In this report we indicate why a good match between simulated and historical time series is not always important or interesting and how it can be misleading Note we are talking about comparing model output and historical time series. We do not address the separate issue of the use of data in creating computer model. In fact, we made heavy use of data in constructing our model and interpreting the output — including first hand experience, interviews, written descriptions, and time series.

This is a key point. Models that don’t report fit to data are often accused of not using any. In fact, fit to numerical data is only one of a number of tests of model quality that can be performed. Alone, it’s rather weak. In a consulting engagement, I once ran across a marketing science model that yielded a spectacular fit of sales volume against data, given advertising, price, holidays, and other inputs – R^2 of .95 or so. It turns out that the model was a linear regression, with a “seasonality” parameter for every week. Because there were only 3 years of data, those 52 parameters were largely responsible for the good fit (R^2 fell to < .7 if they were omitted). The underlying model was a linear regression that failed all kinds of reality checks.

The model is part of a process

We have tried to construct logical arguments about endogenous processes that might cause future financial guarantee programs to go awry. A system dynamics process led to those arguments. Modeling is only part of that process. The process includes these steps

1. Describing the problem as a behavior pattern over time — which leads to a more dynamic view of the problem, and a view that is amenable to the subsequent steps

2. Creating theories of the problem in terms of loopsets — each of which contains a complete chain of causality (i.e. the cause of everything in the loop is contained in the loop). Loops are the cornerstone of system dynamics; they are capable of creating behavior patterns all by themselves, nothing else in the world can do so.

3. Linking the loopsets together — which gives a larger picture of the problem, preventing “myopia”, and which helps one understand how the theories tie together structurally.

4. Building computer model(s) — which causes one to be more specific about the structure of the theory.

5. Using the computer model to further explore the argument.

6. Articulating the theory in terms that an audience can understand.

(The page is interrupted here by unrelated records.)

(* Under the setting, assumptions (A1)–(A2) and the algorithm PDAc-L described in the context, fix any $(x^\star,y^\star)\in\Omega$ and let $J(x,y)=\mathcal L(x,y^\star)-\mathcal L(x^\star,y)$. Then for every $n\ge1$, $$\tau_nJ(x_n,y_n)\le\langle x_{n+1}-z_{n+1},x^\star-x_{n+1}\rangle+\frac1\beta\langle y_n-y_{n-1},y^\star-y_n\rangle+\psi\delta_n\langle x_n-z_{n+1},x_{n+1}-x_n\rangle+\tau_n\langle\theta_n,x_n-x_{n+1}\rangle+\tau_n\Phi_n^y.$$
   Context: Let $f:\mathbb{R}^p\to(-\infty,+\infty]$ and $g:\mathbb{R}^q\to(-\infty,+\infty]$ be proper closed convex functions; $f^*(y)=\sup_u\{\langle y,u\rangle-f(u)\}$ is the Fenchel conjugate, $\mathrm{dom}(h)=\{x:h(x)<+\infty\}$, and for $\lambda>0$, $\mathrm{Prox}_{\lambda h}(x)=\arg\min_u\{h(u)+\frac{1}{2\lambda}\|u-x\|^2\}$. Let $\Phi:\mathrm{dom}(g)\times\mathrm{dom}(f^* )\to\mathbb{R}$ be continuous and $\mathcal L(x,y)=g(x)+\Phi(x,y)-f^*(y)$. Let $\Omega$ be the set of $(x^\star,y^\star)\in\mathrm{dom}(g)\times\mathrm{dom}(f^* )$ with $-\nabla_x\Phi(x^\star,y^\star)\in\partial g(x^\star)$ and $\nabla_y\Phi(x^\star,y^\star)\in\partial f^*(y^\star)$. Assume: (A1) $\Omega\neq\emptyset$, $\mathrm{dom}(g)\times\mathrm{dom}(f^* )\subseteq\mathrm{dom}(\Phi)$, and $\mathcal L(x^\star,y^\star)$ is finite; (A2) for each $y\in\mathrm{dom}(f^* )$, $\Phi(\cdot,y)$ is convex and differentiable, for each $x\in\mathrm{dom}(g)$, $\Phi(x,\cdot)$ is concave and differentiable, and for all bounded $\mathcal X\subset\mathbb R^q$, $\mathcal Y\subset\mathbb R^p$ there exist $L_{yy},L_{xx}\ge 0$, $L_{xy}>0$ with $\|\nabla_y\Phi(x,y)-\nabla_y\Phi(x,\tilde y)\|\le L_{yy}\|y-\tilde y\|$ and $\|\nabla_x\Phi(x,y)-\nabla_x\Phi(\tilde x,\tilde y)\|\le L_{xx}\|x-\tilde x\|+L_{xy}\|y-\tilde y\|$ for all $x,\tilde x\in\mathcal X\cap\mathrm{dom}(g)$, $y,\tilde y\in\mathcal Y\cap\mathrm{dom}(f^* )$. Algorithm PDAc-L: choose $\psi\in(1,1+\sqrt3)$, $\xi>0$, $\varphi>1$ with $\omega:=2\psi-\xi-\frac{\psi^3\varphi}{1+\psi}>0$, $\tau_{\max}>0$, $\nu\in(0,1)$, $\mu\in(0,1)$, $\eta\in[0,1)$, an integer $M\ge1$, $\beta>0$, $x_0\in\mathrm{dom}(g)$, $y_0\in\mathrm{dom}(f^* )$, $\tau_0\in(0,\tau_{\max}]$; set $z_0=x_0$, $\delta_0=1$. For $n=1,2,\dots$: (1) $z_n=\frac{\psi-1}{\psi}x_{n-1}+\frac1\psi z_{n-1}$ and $x_n=\mathrm{Prox}_{\tau_{n-1}g}(z_n-\tau_{n-1}\nabla_x\Phi(x_{n-1},y_{n-1}))$. (2) Let $\tau=\min\{\varphi\tau_{n-1},\tau_{\max}\}$; set $\tau_n=\tau\mu^i$ and $y_n=\mathrm{Prox}_{\beta\tau_n f^*}(y_{n-1}+\beta\tau_n\nabla_y\Phi(x_n,y_{n-1}))$, where $i$ is the smallest nonnegative integer such that $\frac{\tau_n\tau_{n-1}}{\xi}\|\theta_n\|^2+2\tau_n\Phi_n^y\le\nu r_n+(1-\nu)c_n$, with $\theta_n=\nabla_x\Phi(x_n,y_n)-\nabla_x\Phi(x_{n-1},y_{n-1})$, $\Phi_n^y=\Phi(x_n,y_{n-1})+\langle\nabla_y\Phi(x_n,y_{n-1}),y_n-y_{n-1}\rangle-\Phi(x_n,y_n)$, $r_n=\omega\delta_{n-1}\|x_n-x_{n-1}\|^2+\frac1\beta\|y_n-y_{n-1}\|^2$, $c_n=\frac{\eta}{|\mathcal I_n|}\sum_{i\in\mathcal I_n}r_i$, $\mathcal I_n=\{n-1,n-2,\dots,\max\{n-M,1\}\}$ (the $r_i$ for $i<n$ being the values from earlier iterations; for $n=1$, $\mathcal I_1=\emptyset$ and $c_1:=0$). (3) $\delta_n=\tau_n/\tau_{n-1}$. *)

From HB Require Import structures.
From mathcomp Require Import all_boot all_order all_algebra.
From mathcomp Require Import all_classical all_reals all_analysis.
Set Implicit Arguments. Unset Strict Implicit. Unset Printing Implicit Defensive.
Import Order.TTheory GRing.Theory Num.Theory.
Import numFieldNormedType.Exports.
Local Open Scope classical_set_scope.
Local Open Scope ring_scope.
(* Let $b\in(0,1]$ and let $f:[0,1]\to[0,1]$ be $$f(x)=\begin{cases} x, & 0\le x\le \tfrac12,\\ x(1-b+bx), & \tfrac12<x\le 1.\end{cases}$$ Then: (1) The set of fixed points of $f$ is $[0,\tfrac12]\cup\{1\}$. (2) For every $x\in(\tfrac12,1)$ there exists $n\in\mathbb N$ such that $f^n(x)=p$ and $f^{n+1}(x)=f(p)=p$ for some $p\in(\tfrac12-\tfrac b4,\tfrac12]$. (3) For every $x_0\in(\tfrac12-\tfrac b4,\tfrac12]$, the sequence defined recursively by $$x_{n+1}=\frac1b\left(\sqrt{bx_n+\left(\frac{1-b}{2}\right)^2}+\frac{b-1}{2}\right),\qquad n\ge 0,$$ consists of preimages of $x_0$: $f(x_{n+1})=x_n$ for all $n\ge 0$ (so $f^n(x_n)=x_0$), i.e. this recurrence gives the points whose orbits reach $x_0$.
   Context: $f^n$ denotes the $n$-fold composition of $f$ with itself. This $f$ arises from a population of two species with state $(x,1-x)$, but the claim concerns only the map above. *)

From Stdlib Require Import Reals.
Open Scope R_scope.

(* The map f(x) = x for x <= 1/2, x(1-b+bx) for x > 1/2
   (defined on all of R; statements restrict to [0,1]). *)
Definition popmap (b x : R) : R :=
  if Rle_dec x (1/2) then x else x * (1 - b + b * x).

Definition fiter (b : R) (n : nat) (x : R) : R := Nat.iter n (popmap b) x.

Fixpoint preseq (b x0 : R) (n : nat) : R :=
  match n with
  | O => x0
  | S m => / b * (sqrt (b * preseq b x0 m + ((1 - b) / 2) ^ 2) + (b - 1) / 2)
  end.

(* Above 1/2 the map is x |-> x - b x (1 - x), so on (1/2, x] every step lowers the
   point by at least b (1 - x) / 2 while never dropping below 1/2 - b/4, the image of
   1/2 under the quadratic branch; hence every orbit from (1/2, 1) enters
   (1/2 - b/4, 1/2], where f is the identity.  Conversely, solving
   b w^2 + (1 - b) w = y for the root w > 1/2 inverts the quadratic branch on
   (1/2 - b/4, +oo), and this root is exactly the recurrence defining [preseq]. *)

From Stdlib Require Import Reals Lra Psatz.
Open Scope R_scope.

Lemma fiter_S (b : R) (n : nat) (x : R) :
  fiter b (S n) x = popmap b (fiter b n x).
Proof. reflexivity. Qed.

Lemma fiter_popmap (b : R) (n : nat) (x : R) :
  fiter b n (popmap b x) = fiter b (S n) x.
Proof. symmetry; apply Nat.iter_succ_r. Qed.

Lemma popmap_le_half (b x : R) : x <= 1/2 -> popmap b x = x.
Proof. intro Hx; unfold popmap; destruct (Rle_dec x (1/2)); lra. Qed.

Lemma popmap_gt_half (b x : R) : 1/2 < x -> popmap b x = x * (1 - b + b * x).
Proof. intro Hx; unfold popmap; destruct (Rle_dec x (1/2)); lra. Qed.

Lemma popmap_eq_id (b x : R) : b <> 0 -> (popmap b x = x <-> x <= 1/2 \/ x = 1).
Proof.
  intro Hb; split.
  - intro Hfix; destruct (Rle_dec x (1/2)) as [Hx|Hx]; [now left|right].
    rewrite popmap_gt_half in Hfix by lra.
    assert (Hprod : b * x * (x - 1) = 0) by lra.
    destruct (Rmult_integral _ _ Hprod) as [Hbx|]; [|lra].
    destruct (Rmult_integral _ _ Hbx); lra.
  - intros [Hx|Hx]; [now apply popmap_le_half|].
    subst x; rewrite popmap_gt_half by lra; ring.
Qed.

Lemma popmap_gt_half_lower_bound (b y : R) :
  0 <= b -> 1/2 < y -> 1/2 - b/4 < popmap b y.
Proof.
  intros Hb Hy; rewrite popmap_gt_half by exact Hy.
  assert (Hgap : 0 < (y - 1/2) * (1 + b * (y - 1/2))).
  { apply Rmult_lt_0_compat; [lra|].
    assert (0 <= b * (y - 1/2)) by (apply Rmult_le_pos; lra); lra. }
  nra.
Qed.

Lemma popmap_gt_half_decrease (b x y : R) :
  0 <= b -> x <= 1 -> 1/2 < y <= x -> popmap b y <= y - b * (1 - x) / 2.
Proof.
  intros Hb Hx Hy; rewrite popmap_gt_half by lra.
  assert (Hdrop : (1 - x) / 2 <= y * (1 - y)).
  { assert (0 <= (y - 1/2) * (1 - x)) by (apply Rmult_le_pos; lra).
    assert (0 <= y * (x - y)) by (apply Rmult_le_pos; lra).
    nra. }
  assert (b * ((1 - x) / 2) <= b * (y * (1 - y))) by (apply Rmult_le_compat_l; lra).
  lra.
Qed.

Lemma iter_descends_into (f : R -> R) (a c d x : R) :
  0 < d -> (forall y, c < y <= x -> a < f y <= y - d) ->
  forall y, c < y <= x -> exists n : nat, a < Nat.iter n f y <= c.
Proof.
  intros Hd Hf y Hy.
  destruct (INR_archimed d (y - c) Hd) as [N HN].
  revert y Hy HN; induction N as [|N IH]; intros y Hy HN.
  - simpl in HN; lra.
  - destruct (Hf y Hy) as [Hlow Hstep].
    destruct (Rle_dec (f y) c) as [Hc|Hc]; [now exists 1%nat|].
    rewrite S_INR in HN.
    destruct (IH (f y)) as [n Hn]; [lra|lra|].
    exists (S n); rewrite Nat.iter_succ_r; exact Hn.
Qed.

Lemma fiter_enters_fixed_interval (b x : R) :
  0 < b -> 1/2 < x < 1 -> exists n : nat, 1/2 - b/4 < fiter b n x <= 1/2.
Proof.
  intros Hb Hx.
  apply (iter_descends_into (popmap b) _ _ (b * (1 - x) / 2) x); [nra| |lra].
  intros y Hy; split.
  - apply popmap_gt_half_lower_bound; lra.
  - apply popmap_gt_half_decrease; lra.
Qed.

Definition popmap_inv (b y : R) : R :=
  / b * (sqrt (b * y + ((1 - b) / 2) ^ 2) + (b - 1) / 2).

Lemma preseq_S (b x0 : R) (n : nat) :
  preseq b x0 (S n) = popmap_inv b (preseq b x0 n).
Proof. reflexivity. Qed.

(* b y + ((1 - b)/2)^2 > 1/4, so the square root exceeds 1/2. *)
Lemma popmap_inv_gt_half (b y : R) :
  0 < b -> 1/2 - b/4 < y -> 1/2 < popmap_inv b y.
Proof.
  intros Hb Hy; unfold popmap_inv.
  set (s := sqrt (b * y + ((1 - b) / 2) ^ 2)).
  assert (Hs : 1/2 < s).
  { assert (b * (1/2 - b/4) < b * y) by (apply Rmult_lt_compat_l; lra).
    unfold s; rewrite <- (sqrt_Rsqr (1/2)) by lra.
    apply sqrt_lt_1_alt; unfold Rsqr; nra. }
  apply Rmult_lt_reg_l with b; [exact Hb|].
  rewrite <- Rmult_assoc, Rinv_r by lra; lra.
Qed.

(* With c = (1 - b)/2, s the square root and w = popmap_inv b y: b w = s - c and
   1 - b = 2 c, so b (w (1 - b + b w)) = s^2 - c^2 = b y. *)
Lemma popmap_popmap_inv (b y : R) :
  0 < b -> 1/2 - b/4 < y -> popmap b (popmap_inv b y) = y.
Proof.
  intros Hb Hy.
  rewrite popmap_gt_half by (apply popmap_inv_gt_half; assumption).
  unfold popmap_inv.
  set (c := (1 - b) / 2).
  assert (Hs2 : sqrt (b * y + c ^ 2) ^ 2 = b * y + c ^ 2)
    by (rewrite pow2_sqrt; [reflexivity|unfold c; nra]).
  apply Rmult_eq_reg_l with b; [|lra].
  replace (1 - b) with (2 * c) by (unfold c; field).
  replace ((b - 1) / 2) with (- c) by (unfold c; field).
  field_simplify; [|lra].
  rewrite Hs2; field; lra.
Qed.

Lemma preseq_gt (b x0 : R) (n : nat) :
  0 < b -> 1/2 - b/4 < x0 -> 1/2 - b/4 < preseq b x0 n.
Proof.
  intros Hb Hx0; induction n as [|n IH]; [exact Hx0|].
  rewrite preseq_S.
  assert (H := popmap_inv_gt_half b _ Hb IH); lra.
Qed.

Lemma popmap_preseq_S (b x0 : R) (n : nat) :
  0 < b -> 1/2 - b/4 < x0 -> popmap b (preseq b x0 (S n)) = preseq b x0 n.
Proof.
  intros Hb Hx0; rewrite preseq_S.
  apply popmap_popmap_inv; [exact Hb|now apply preseq_gt].
Qed.

Lemma fiter_preseq (b x0 : R) (n : nat) :
  0 < b -> 1/2 - b/4 < x0 -> fiter b n (preseq b x0 n) = x0.
Proof.
  intros Hb Hx0; induction n as [|n IH]; [reflexivity|].
  rewrite <- fiter_popmap, popmap_preseq_S; assumption.
Qed.

Theorem proposition3p5 (b : R) (hb : 0 < b <= 1) :
  (* (1) fixed points of f on [0,1] are [0,1/2] ∪ {1} *)
  (forall x, 0 <= x <= 1 -> (popmap b x = x <-> (x <= 1/2 \/ x = 1))) /\
  (* (2) orbits from (1/2,1) land on a fixed point in (1/2 - b/4, 1/2] *)
  (forall x, 1/2 < x < 1 ->
     exists (n : nat) (p : R),
       1/2 - b/4 < p <= 1/2 /\ fiter b n x = p /\
       fiter b (S n) x = p /\ popmap b p = p) /\
  (* (3) the recurrence gives preimages of x0 *)
  (forall x0, 1/2 - b/4 < x0 <= 1/2 ->
     forall n : nat,
       popmap b (preseq b x0 (S n)) = preseq b x0 n /\
       fiter b n (preseq b x0 n) = x0).
Proof.
  destruct hb as [Hb _].
  split; [|split].
  - intros x _; apply popmap_eq_id; lra.
  - intros x Hx.
    destruct (fiter_enters_fixed_interval b x Hb Hx) as [n Hp].
    assert (Hfix : popmap b (fiter b n x) = fiter b n x)
      by (apply popmap_le_half; lra).
    exists n, (fiter b n x); rewrite fiter_S, Hfix; tauto.
  - intros x0 Hx0 n; split.
    + apply popmap_preseq_S; lra.
    + apply fiter_preseq; lra.
Qed.
(* A vertex where an edge of orientation [b] starts must lie in [side b]; the
   edge then ends in [side (~~ b)]. *)
Definition side (b : bool) : {set T} := if b then X else Y.

Lemma extend_run b m (U : {set T}) v :
  v \in side b -> v \notin U -> 0 < m <= l -> #|U| + m <= n ->
  exists t, [/\ size t = m, path (edge_of E b) v t, uniq (v :: t),
                [disjoint t & U] & last v t \in side (~~ b)].
Proof.
move=> v_side v_U /andP [m_pos le_ml] card_U.
pose N := [set y in side (~~ b) | edge_of E b v y].
have N_big : k <= #|N|.
  by rewrite /N /side /edge_of; case: (b) v_side => /= v_side; [apply: X_outdeg | apply: Y_indeg].
pose W := N :\: (v |: U).
have W_big : k - n <= #|W|.
  rewrite /W cardsD.
  have : #|N :&: (v |: U)| <= #|v |: U| by apply/subset_leq_card/subsetIr.
  rewrite cardsU1; lia.
have W_sub y : y \in W -> [/\ y != v, y \notin U, y \in side (~~ b) & edge_of E b v y].
  by rewrite !inE negb_or => /andP [/andP [-> ->] /andP [-> ->]].
case: m => // m in m_pos le_ml card_U *.
have edge_irr : irreflexive (edge_of E b) by move=> y; rewrite /edge_of; case: (b).
have small_in_W (S : {set T}) :
    S \subset W -> independent (edge_of E b) S -> m * #|S| < #|W|.
  move=> _ /independent_edge_of /small_indep small_S.
  exact: leq_ltn_trans (leq_mul (ltnW le_ml) (leqnn _)) (leq_trans small_S W_big).
have [x [q [size_q uniq_xq sub_xqW path_xq]]] := gallai_roy_path edge_irr small_in_W.
have [x_v x_U _ vx] := W_sub x (sub_xqW x (mem_head x q)).
exists (x :: q); split => //=.
- by rewrite size_q.
- by rewrite vx path_xq.
- move: uniq_xq => /= ->; rewrite andbT.
  by apply/negP => /sub_xqW /W_sub []; rewrite eqxx.
- by rewrite disjoint_has; apply/hasPn => y /sub_xqW /W_sub [].
- by have [] := W_sub _ (sub_xqW _ (mem_last x q)).
Qed.
Lemma insert_top_ext : strict_ext S (insert_top g) m.+1.
Proof.
have [H1 H2 H3 H4 H5] := Eg; have pl := pred_level_le.
have SX a : a \in S -> a \notin X -> a \in S :\: X by move=> aS aX; rewrite in_setD aX aS.
split.
- move=> a aS; have aX : a \notin X by apply: contra aS; exact: top_class_sub.
  by rewrite insert_top_out // H1 // in_setD negb_and aS orbT.
- move=> a aS; case: (boolP (a \in X)) => aX; first by rewrite insert_top_in //; lia.
  by rewrite insert_top_out //; have := H2 _ (SX _ aS aX); lia.
- move=> j hj; case: (ltngtP j (pred_level g).+1) => cj.
  + have [a] := H3 j ltac:(lia); rewrite in_setD => /andP[aX aS] ea.
    by exists a => //; rewrite insert_top_out // ea; lia.
  + have [a] := H3 j.-1 ltac:(lia); rewrite in_setD => /andP[aX aS] ea.
    by exists a => //; rewrite insert_top_out // ea; lia.
  + by exists x0; rewrite // insert_top_in ?top_class_x0 ?cj.
- move=> a b aS bS tab; case: (boolP (a \in X)) => aX.
    by rewrite !insert_top_in // (top_class_up aX bS tab).
  case: (boolP (b \in X)) => bX.
    rewrite insert_top_out // insert_top_in //.
    by have := pred_level_ge g (SX _ aS aX) (below_top_class bX tab); lia.
  by rewrite !insert_top_out //; have := H4 _ _ (SX _ aS aX) (SX _ bS bX) tab; lia.
- move=> a b aS bS tab; case: (boolP (a \in X)) => aX.
    by move=> _; apply: top_classT => //; apply: top_class_up aX bS tab.
  case: (boolP (b \in X)) => bX.
    rewrite insert_top_out // insert_top_in //.
    by have := pred_level_ge g (SX _ aS aX) (below_top_class bX tab); lia.
  rewrite !insert_top_out // => e; have := H4 _ _ (SX _ aS aX) (SX _ bS bX) tab => le.
  by apply: H5; rewrite ?SX //; lia.
Qed.

Lemma insert_top_droppable : top_droppable (insert_top g).
Proof.
have pl := pred_level_le; have [_ H2 _ _ _] := Eg.
rewrite /top_droppable /top_shared /pred_below_top (insert_top_in top_class_x0); apply/andP; split.
  apply/existsP => -[b /andP[]]; rewrite in_setD => /andP[bX bS].
  by rewrite insert_top_out //; lia.
rewrite negb_and negbK; case: (posnP (pred_level g)) => [->|p0] //.
have [b /andP[bSX tb0] eb] := bigmax_attained p0; rewrite -/(pred_level g) in eb.
apply/orP; right; apply/existsP; exists b.
move: (bSX); rewrite in_setD => /andP[bX bS].
by rewrite bS tb0 insert_top_out // -eb ltnn /=; apply/eqP; lia.
Qed.

Lemma drop_insert_top : drop_top (insert_top g) = g.
Proof.
have [H1 _ _ _ _] := Eg.
apply: functional_extensionality => a; rewrite /drop_top (insert_top_in top_class_x0).
case: (boolP (a \in X)) => aX; first by rewrite H1 // in_setD aX.
by rewrite insert_top_out //; lia.
Qed.

End InsertTop.

Definition split_topF (f : FF) := ordf (split_top (natf f)).
Definition merge_topF (f : FF) := ordf (merge_top (natf f)).
Definition drop_topF (f : FF) := ordf (drop_top (natf f)).
Definition insert_topF (f : FF) := ordf (insert_top (natf f)).
Theorem theorem13 (d : measure_display) (T : measurableType d) (R : realType)
  (nu mu : {finite_measure set T -> \bar R}) :
  (exists I : set (set T), chain_class I) ->
  mu `<< nu ->
  [/\ (nondecreasing_sf (v_mu nu mu) /\ continuous_sf (v_mu nu mu) /\
       submodular_sf (v_mu nu mu) /\ v_mu nu mu set0 = 0),
      (forall y : R, (0 <= y)%R ->
         v_mu nu mu [set w | y%:E < RN nu mu w] =
         mu [set w | y%:E < RN nu mu w]),
      (forall f : T -> R, measurable_fun setT f -> (forall w, (0 <= f w)%R) ->
         choquet (v_mu nu mu) f >=
         ereal_sup [set \int[mu']_w (f w)%:E |
           mu' in [set mu' : {finite_measure set T -> \bar R} |
                    mu' `<< nu /\ Fdist nu mu' = Fdist nu mu]]) &
      (forall A, measurable A ->
         v_mu nu mu A >=
         ereal_sup [set mu' A |
           mu' in [set mu' : {finite_measure set T -> \bar R} |
                    mu' `<< nu /\ Fdist nu mu' = Fdist nu mu]])].
Proof.
move=> _ mu_ac.
have le_sup (F : {finite_measure set T -> \bar R} -> \bar R) (x : \bar R) :
    (forall mu' : {finite_measure set T -> \bar R},
      mu' `<< nu -> Fdist nu mu' = Fdist nu mu -> F mu' <= x) ->
    ereal_sup [set F mu' | mu' in [set mu' : {finite_measure set T -> \bar R} |
                                   mu' `<< nu /\ Fdist nu mu' = Fdist nu mu]] <= x.
  by move=> Fx; apply: ge_ereal_sup => _ [mu' [mu'_ac Fmu'] <-]; exact: Fx.
split.
- split; first exact: v_mu_nondecreasing.
  split; first exact: v_mu_continuous.
  by split; [exact: v_mu_submodular|exact: v_mu0].
- exact: v_mu_RN_gt.
- by move=> f mf f0; apply: le_sup => mu' mu'_ac Fmu'; exact: le_choquet_v_mu.
- by move=> A mA; apply: le_sup => mu' mu'_ac Fmu'; exact: le_v_mu.
Qed.
(* Cover the compact set of indicators by the open sets where a single coordinate
   x_t, chosen in E but outside the support of t, stays below 1/2. *)
Lemma countable_of_grothendieck (E : set X) :
  (forall C, C `<=` E -> countable C -> ~ closure C p) -> countable E.
Proof.
move=> far; apply: contrapT => nE.
set Zs := countable_indicators E.
have ZsC : Zs `<=` @Cp X.
  by move=> _ [C [CE cC] ->]; have := continuous_indic_of_not_closure iso (far _ CE cC).
have := G ZsC (@subset_refl _ Zs) (fun B BZs infB => limit_point_countable_indicators BZs infB).
set K := closure Zs `&` Zs => cK.
have witness (t : {ptws X -> RR}) : exists x, K t -> E x /\ t x = 0.
  have [[_ [C [CE cC] ->]]|nK] := pselect (K t); last by exists p.
  have [x [Ex nCx]] : exists x, E x /\ ~ C x.
    apply: contrapT => nex; apply: nE; apply: countable_subset cC => x Ex.
    by apply: contrapT => nCx; apply: nex; exists x.
  by exists x => _; rewrite indicE memNset.
have [xf Hxf] := choice witness.
pose U t := [set f : {ptws X -> RR} | `|f (xf t) - t (xf t)| < 2^-1].
have : cover_compact K by rewrite -(@compact_cover {ptws X -> RR}).
move=> /(_ _ K U (fun t _ => open_ptws_ball _ _ _)) [t Kt|D DK cov].
  by exists t => //; rewrite /U /= subrr normr0 invr_gt0.
have fD := finite_fset D; move: fD cov; set Ds := (X in finite_set X) => fD cov.
have KD t : Ds t -> K t by move=> /DK; rewrite inE.
set C := xf @` Ds.
have ZsC1 : Zs (\1_C).
  exists C => //; split; first by move=> _ [t Dt <-]; exact: (Hxf t (KD t Dt)).1.
  exact/finite_set_countable/finite_image.
have [t Dt] := cov _ (conj (subset_closure ZsC1) ZsC1).
rewrite /U /= indicE mem_set; last by exists t.
by rewrite (Hxf t (KD t Dt)).2 subr0 normr1; lra.
Qed.

Lemma lindelof_of_grothendieck : is_lindelof X.
Proof.
apply: (@lindelof_of_cocountable_open _ p) => U oU Up.
apply: countable_of_grothendieck => C CU _ clC.
by have [y [Cy Uy]] := clC U (open_nbhs_nbhs (conj oU Up)); exact: CU Cy Uy.
Qed.

Lemma countably_tight_of_grothendieck : countably_tight X.
Proof.
move=> B x clx; have [xp|xp] := pselect (x = p); last first.
  have [y [By /= yx]] := clx _ (nbhs_isolated iso xp); subst y.
  by exists [set x]; split => [z ->//|]; split; [exact: countable1|exact: subset_closure].
subst x; have [//|nex] := pselect (exists C, C `<=` B /\ countable C /\ closure C p).
exists B; split => //; split => //.
by apply: countable_of_grothendieck => C CB cC clC; apply: nex; exists C.
Qed.
(* For every positive integer $s$, $$\sum_{n\ge0}z^n\sum_{j=0}^{n+1}(-1)^{n+1-j}\binom{2n+1}{n+1-j}j^{2s}=\frac12\left(1+\sqrt{1+4z}\right)\left(1+p_s(z)\right)$$ as formal power series, where $p_s(z)$ is a polynomial in $z$ with integer coefficients, all of which are divisible by $3$, and $p_s(0)=0$.
   Context: $\sqrt{1+4z}$ denotes the formal power series square root with constant term $1$. *)

From HB Require Import structures.
From mathcomp Require Import all_boot all_order all_algebra.
Set Implicit Arguments. Unset Strict Implicit. Unset Printing Implicit Defensive.
Import Order.TTheory GRing.Theory Num.Theory.
Local Open Scope ring_scope.

(* A formal power series with rational coefficients: n |-> coefficient of z^n. *)
Definition fps := nat -> rat.

Definition fps_mul (a b : fps) : fps :=
  fun n => \sum_(i < n.+1) a i * b (n - i)%N.

Definition fps_const (c : rat) : fps := fun n => if n is 0%N then c else 0.

Definition fps_add (a b : fps) : fps := fun n => a n + b n.

Definition one_plus_4z : fps :=
  fun n => if n is 0%N then 1 else if n is 1%N then 4 else 0.

Definition is_sqrt_1_4z (r : fps) : Prop :=
  r 0%N = 1 /\ forall n, fps_mul r r n = one_plus_4z n.

Definition fps_of_poly (p : {poly int}) : fps := fun n => (p`_n)%:~R.

Definition lhs_series (s : nat) : fps :=
  fun n => \sum_(j < n.+2)
     (-1) ^+ (n.+1 - j) * ('C(2 * n + 1, n.+1 - j))%:R * (j%:R) ^+ (2 * s).

From HB Require Import structures.
From mathcomp Require Import all_boot all_order all_algebra.
From mathcomp Require Import ring zify.
Import Order.TTheory GRing.Theory Num.Theory.
Local Open Scope ring_scope.
Set Implicit Arguments.
Unset Strict Implicit.
Unset Printing Implicit Defensive.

Modeling is useful, even critical. But modeling is only part of the process and the other parts are critical, too. Furthermore, the model itself is an intermediate product in the larger process. The end-product of the process is a theory or logical argument about the real world.

In most of my work, I’d characterize the endpoint a little differently. It’s nice to have the theory, but the real end-product for me is a decision. The decision might be a one-off, or (more interestingly) a control strategy for achieving some desirable outcome in the distant future. In that case, I think the long-term role of data becomes more important, because it’s useful to have some way to track the outcome of the decision and decide if the theory was right. However, it would still be a bad tradeoff to use an open loop model to accommodate data.

Matching model output and historical time series is not always a useful test

Many people mistakenly believe that a good model will match historical time series from the real world and that a bad model will not. In fact, comparing model output to history cannot in the general case distinguish good models from bad models.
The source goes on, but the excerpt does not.